A cyclic AMP receptor protein mutant that constitutively activates an Escherichia coli promoter disrupted by an IS5 insertion

Abstract

Previously an Escherichia coli mutant that had acquired the ability to grow on propanediol as the sole carbon and energy source was isolated. This phenotype is the result of the constitutive expression of the fucO gene (in the fucAO operon), which encodes one of the enzymes in the fucose metabolic pathway. The mutant was found to bear an IS5 insertion in the intergenic regulatory region between the divergently oriented fucAO and fucPIK operons. Though expression of the fucAO operon was constitutive, the fucPIK operon became noninducible such that the mutant could no longer grow on fucose. A fucose-positive revertant which was found to contain a suppressor mutation in the crp gene was selected. Here we identify this crp mutation, which results in a single amino acid substitution (K52N) that has been proposed previously to uncover a cryptic activating region in the cyclic AMP receptor protein (CRP). We show that the mutant CRP constitutively activates transcription from both the IS5-disrupted and the wild-type fucPIK promoters, and we identify the CRP-binding site that is required for this activity. Our results show that the fucPIK promoter, a complex promoter which ordinarily depends on both CRP and the fucose-specific regulator FucR for its activation, can be activated in the absence of FucR by a mutant CRP that uses three, rather than two, activating regions to contact RNA polymerase.
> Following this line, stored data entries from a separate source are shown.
(* Let $(X,d)$ be a compact metric space with the $E_{1,0}$-property. Then the intrinsic distance $d_I:X\times X\to\mathbb{R}$ is well defined (finite-valued) and continuous.
   Context: $(X,d)$ has the $E_{1,0}$-property if for every nonempty open $\Omega\subsetneq X$ there is a continuous $u:\overline\Omega\to\mathbb{R}$ with $s[u](x)=1$ for all $x\in\Omega$ and $u=0$ on $\partial\Omega$, where the local slope is $s[u](\bar x):=\limsup_{x\to\bar x}\frac{\max\{u(\bar x)-u(x),0\}}{d(\bar x,x)}$ (zero if $\bar x$ isolated), computed in $\overline\Omega$. The intrinsic distance $d_I(x,y)$ is the infimum of lengths of continuous curves joining $x$ and $y$ (length $=\sup\sum_i d(\gamma(t_i),\gamma(t_{i+1}))$ over partitions), with $\inf\emptyset=+\infty$. *)

From Stdlib Require Import Reals Lra ClassicalEpsilon List.
From Coquelicot Require Import Coquelicot.
Open Scope R_scope.

Section Metric.
Variable X : Type.
Variable d : X -> X -> R.

Definition is_metric : Prop :=
  (forall x y, 0 <= d x y) /\ (forall x y, d x y = 0 <-> x = y) /\
  (forall x y, d x y = d y x) /\ (forall x y z, d x z <= d x y + d y z).

Definition mopen (U : X -> Prop) : Prop :=
  forall x, U x -> exists r, 0 < r /\ forall y, d x y < r -> U y.

Definition mcompact : Prop :=
  forall (I : Type) (U : I -> X -> Prop),
    (forall i, mopen (U i)) -> (forall x, exists i, U i x) ->
    exists l : list I, forall x, exists i, In i l /\ U i x.

Definition closure (A : X -> Prop) (x : X) : Prop :=
  forall r, 0 < r -> exists y, A y /\ d x y < r.

Definition interior (A : X -> Prop) (x : X) : Prop :=
  exists r, 0 < r /\ forall y, d x y < r -> A y.

Definition boundary (A : X -> Prop) (x : X) : Prop :=
  closure A x /\ ~ interior A x.

Definition continuous_on (A : X -> Prop) (u : X -> R) : Prop :=
  forall x, A x -> forall eps, 0 < eps -> exists delta, 0 < delta /\
    forall y, A y -> d x y < delta -> Rabs (u y - u x) < eps.

Definition isolated_in (A : X -> Prop) (x : X) : Prop :=
  exists r, 0 < r /\ forall y, A y -> ~ (0 < d x y < r).

Definition slope_sup (A : X -> Prop) (u : X -> R) (xb : X) (r : R) : Rbar :=
  Lub_Rbar (fun v => exists x, A x /\ 0 < d xb x < r /\
                       v = Rmax (u xb - u x) 0 / d xb x).

Definition local_slope (A : X -> Prop) (u : X -> R) (xb : X) : Rbar :=
  if excluded_middle_informative (isolated_in A xb) then Finite 0
  else Rbar_glb (fun v => exists r, 0 < r /\ v = slope_sup A u xb r).

Definition E10_property : Prop :=
  forall Omega : X -> Prop,
    mopen Omega -> (exists x, Omega x) -> (exists x, ~ Omega x) ->
    exists u : X -> R,
      continuous_on (closure Omega) u /\
      (forall x, Omega x -> local_slope (closure Omega) u x = Finite 1) /\
      (forall x, boundary Omega x -> u x = 0).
For the IS5-disrupted promoter, which retains a single CRP-binding site, the additional activating region of the mutant CRP evidently compensates for the lack of upstream regulatory sequences.

FIG. 1

The divergent fuc operons. Shown schematically is the intergenic regulatory region between the fucAO and fucPIK operons. The bent arrow indicates the start point of transcription from the fucPIK promoter (+1). Potential CRP-binding sites are indicated by the rectangles. The sequence of CRP site 1 (hatched rectangle) is shown, as are the three base pair substitutions that were introduced to inactivate this CRP-binding site (vertical arrows). The site of the 1.3-kb IS5 insertion is also indicated (inverted triangle).

FIG. 2

CRP-binding sites associated with wild-type (WT) and IS5-disrupted promoters. Shown are the results of a DNase I protection experiment performed with purified CRP. The reaction mixtures loaded in lanes 1 and 4 contained no CRP, that loaded in lane 2 contained 320 nM CRP dimer, and those loaded in lanes 3 and 5 contained 64 nM CRP dimer. CRP site 1 is present on both templates, whereas CRP site 2 is present on the wild-type template only (see text).

FIG. 3

Interactions between CRP and RNAP at a class I and a class II promoter. When bound at a class I promoter, CRP uses AR1 (small black semicircle) in the promoter-proximal subunit to contact the α-CTD. When bound at a class II promoter, wild-type CRP makes two contacts with RNAP by using AR1 in the promoter-distal subunit to contact the α-CTD and AR2 (small black rectangle) in the promoter-proximal subunit to contact the α-NTD. The CRP^K52N mutant possesses a third activating region, designated AR3 (small black triangle), that has been proposed to contact the ς subunit (see text).